In a ruling unsealed Nov. 27, Judge Francis M. Allegra ruled that the Navy had given adequate consideration to—and explanation for—its decision to reject Lyon Shipyard Inc.'s bid.

In July, the Government Accountability Office also denied Lyon's protest.

6 Bids, 5 Awards

The Navy's June 2011 solicitation was for repairs, upgrades, and other boatyard services for noncommissioned Navy boats.

Lyon Shipyard
Lyon Shipyard Inc.

Although rating Lyon Shipyard as very good, the Navy said that no circumstances justified its paying "considerably more" for the company's services.

The work was divided into two lots, with multiple indefinite delivery/indefinite quantity (ID/IQ) contracts to five awardees, who would then compete for firm, fixed-price task orders.

The bids were evaluated on a variety of factors, including past performance, price and technical expertise. The Navy's Independent Government Estimate (IGE) priced the contract at $101,780,712.59.

Two bidders withdrew, and the final six bids were:

  • East Coast Repair & Fabrication ($80,269,356.44);
  • Alliance Technical Services ($89,074,484.86);
  • Davis Boat Works ($89,061,384.24);
  • Colonna's Shipyard ($103,384,711.08);
  • Marine Hydraulics International ($107,005,537.34); and
  • Lyon Shipyard ($117,217.915.40).

All of the bidders received a "very good" technical and past performance rating, except Alliance Technical, which received "satisfactory" ratings.

Most of the bidders, including Lyon, were incumbents on the previous boatyard support contract.

'Difficult to Justify'

The Navy informed Lyon and Marine Hydraulics that their bids were "considerably higher" than the government estimate and "would be more difficult to justify as reasonable."

The Navy said it would continue to consider the bids but requested that Lyon "carefully review [its] pricing" and noted that "98%" of the boats would be located in Norfolk, where Lyon is located.

Navy bids

The Navy told Lyon that its price was "considerably higher" than other bidders and urged it to review the proposal, but the agency did not revisit the price during later discussions, and Lyon made no adjustment.

In June 2012, court documents show, Lyon responded in part:

"Lyon Shipyard's price proposal was constructed utilizing over twenty (20) years of past experience repairing these very same small boats, including the last ten (10) years as an incumbent small boat IDIQ contractor. We are very familiar [sic] all of the vessels and their systems that are included in Lot II of this solicitation."

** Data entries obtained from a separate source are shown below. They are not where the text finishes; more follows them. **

End PositiveDefinite.

Lemma trmx_sub_range (F : fieldType) m n (A : 'M[F]_(m, n)) (E : 'M[F]_n) :
  E^T = E -> (forall v : 'cV[F]_n, E *m v = 0 <-> A *m v = 0) ->
  forall e : 'cV[F]_m, exists w, A^T *m e = E *m w.
Proof.
move=> Esym kerE e.
have AE : (A <= E)%MS.
  rewrite submxE; apply/eqP/matrixP => i j; rewrite [RHS]mxE.
  have : E *m col j (cokermx E) = 0 by rewrite colE mulmxA mulmx_coker mul0mx.
  by move/kerE/matrixP/(_ i 0); rewrite colE mulmxA -colE !mxE.
have /submxP [w Ew] : (e^T *m A <= E)%MS := submx_trans (submxMl _ _) AE.
by exists w^T; rewrite -[A^T *m e]trmxK trmx_mul trmxK Ew trmx_mul Esym.
Qed.

Section DualAscent.
Variables (R : realType) (m n : nat) (A : 'M[R]_(m, n)) (B : 'M[R]_n)
  (b : 'cV[R]_m) (x0 : 'cV[R]_n).
Hypothesis Bspd : spd B.
Local Notation M := (A *m invmx B *m A^T).
Local Notation c := (b - A *m x0).
Local Notation D := (dualD A B b x0).

Lemma dualM_sym : M^T = M.
Proof. by rewrite !trmx_mul trmxK spd_invmx_sym // mulmxA. Qed.

Lemma dualM_quadE e : cdot e (M *m e) = cdot (A^T *m e) (invmx B *m (A^T *m e)).
Proof. by rewrite -!mulmxA cdot_mulmxr. Qed.

Lemma dualDE y : D y = cdot c y - 2^-1 * cdot y (M *m y).
Proof. by rewrite /dualD /cdot trmx_mul trmxK !mulmxA. Qed.

Lemma dualD_shift y e :
  D (y + e) = D y + cdot (c - M *m y) e - 2^-1 * cdot e (M *m e).
Proof.
rewrite !dualDE; move: (b - A *m x0) => r.
rewrite mulmxDr cdotBl !cdotDr !cdotDl.
rewrite [cdot y (M *m e)]cdot_mulmxr dualM_sym [cdot e (M *m y)]cdotC.
by field.
Qed.

(* Along [ys + u *: r], with [r] the residual [c - M *m ys], [D] grows by
   [u * cdot r r - u ^+ 2 / 2 * cdot r (M *m r)], which is positive for
   [u := cdot r r / (cdot r (M *m r) + 1)] unless [r = 0]. *)
Lemma dual_argmax_stationary ys : (forall y, D y <= D ys) -> M *m ys = c.
Proof.
move=> ys_max; apply/eqP; rewrite eq_sym -subr_eq0 -cdot_self_eq0.
set r := c - M *m ys; set s := cdot r r; set q := cdot r (M *m r).
have q0 : 0 <= q by rewrite /q dualM_quadE spd_invmx_quad_ge0.
have s0 : 0 <= s by apply: cdot_self_ge0.
set u := s / (q + 1).
have su : s = u * (q + 1) by rewrite /u divfK // lt0r_neq0 // ltr_wpDl.
have u0 : 0 <= u by rewrite /u divr_ge0 // addr_ge0.
have := ys_max (ys + u *: r).
rewrite dualD_shift -/r -scalemxAr cdotZl !cdotZr -/s -/q => le_D.
have u2 : u ^+ 2 <= 0 by nra.
have u_eq0 : u = 0 by apply/eqP; rewrite -sqrf_eq0 eq_le u2 sqr_ge0.
by rewrite su u_eq0 mul0r.
Qed.

Variable ystar : 'cV[R]_m.
Hypothesis Mystar : M *m ystar = c.

Lemma dual_gapE y : D ystar - D y = 2^-1 * cdot (y - ystar) (M *m (y - ystar)).
Proof.
have -> : D y = D (ystar + (y - ystar)) by rewrite addrC subrK.
by rewrite dualD_shift Mystar subrr cdot0l; field.
Qed.

Lemma Hmat_sym_idem q (Sm : 'M[R]_(m, q)) :
  (Hmat A B Sm)^T = Hmat A B Sm /\ Hmat A B Sm *m M *m Hmat A B Sm = Hmat A B Sm.
Proof.
set K := Sm^T *m A *m invmx B *m A^T *m Sm.
have Ksym : K^T = K by rewrite /K !trmx_mul !trmxK spd_invmx_sym // !mulmxA.
have [Psym PKP] := mpinv_sym Ksym.
rewrite /Hmat -/K; split; first by rewrite !trmx_mul trmxK Psym mulmxA.
by rewrite -[in RHS]PKP /K !mulmxA.
Qed.

Lemma sdsa_stepE q (Sm : 'M[R]_(m, q)) omega y :
  sdsa_step A B b x0 omega Sm y =
  y - omega *: (Hmat A B Sm *m (M *m (y - ystar))).
Proof.
rewrite /sdsa_step /Hmat.
have -> : b - A *m (x0 + invmx B *m A^T *m y) = - (M *m (y - ystar)).
  by rewrite mulmxBr Mystar opprB mulmxDr opprD addrA !mulmxA.
by rewrite !mulmxN scalerN !mulmxA.
Qed.

(* Since [H *m M *m H = H], the squared [M]-norm of the increment
   [omega *: (H *m (M *m e))] is [omega ^+ 2] times its inner product with
   [M *m e]; this produces the factor [omega * (2 - omega)]. *)
Lemma dual_gap_step q (Sm : 'M[R]_(m, q)) omega y :
  let e := y - ystar in
  D ystar - D (sdsa_step A B b x0 omega Sm y) =
  D ystar - D y - omega * (2 - omega) / 2 *
    cdot (invmx B *m A^T *m e) ((A^T *m Hmat A B Sm *m A) *m (invmx B *m A^T *m e)).
Proof.
move=> e; have [Hsym HMH] := Hmat_sym_idem Sm; set H := Hmat A B Sm in Hsym HMH *.
have -> : cdot (invmx B *m A^T *m e) (A^T *m H *m A *m (invmx B *m A^T *m e))
    = cdot (M *m e) (H *m (M *m e)).
  by rewrite -!mulmxA cdot_mulmxr trmxK !mulmxA.
rewrite !dual_gapE sdsa_stepE -/H addrAC -/e; clearbody H e.
set h := H *m (M *m e).
rewrite mulmxBr -scalemxAr !cdotBl !cdotBr !cdotZl !cdotZr.
have -> : cdot e (M *m h) = cdot (M *m e) h by rewrite cdot_mulmxr dualM_sym.
have -> : cdot h (M *m e) = cdot (M *m e) h by rewrite cdotC.
have -> : cdot h (M *m h) = cdot (M *m e) h.
  by rewrite /h cdot_mulmxl Hsym -[in RHS]HMH !mulmxA.
by field.
Qed.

The response said Lyon had taken all of the Navy's points into account and added: "Should we deem it necessary to make any changes to our pricing, we will do so when requested for final offers."

No Justification for Price Differential

On March 1, 2013, the Source Selection Authority made awards to the other five bidders and rejected Lyon, concluding there "were no circumstances present which justified paying the price differential" to Lyon.

Lyon then protested to the GAO, alleging that the Navy misled Lyon during discussions and improperly evaluated its proposal.

Lyon Shipyard Paint Shop
Lyon Shipyard Inc.

Lyon Shipyard's NAVSEA-certified paint shop touts "a full spectrum of high-quality marine painting and preservation services." The company has received contracts similar to the one it lost this time around.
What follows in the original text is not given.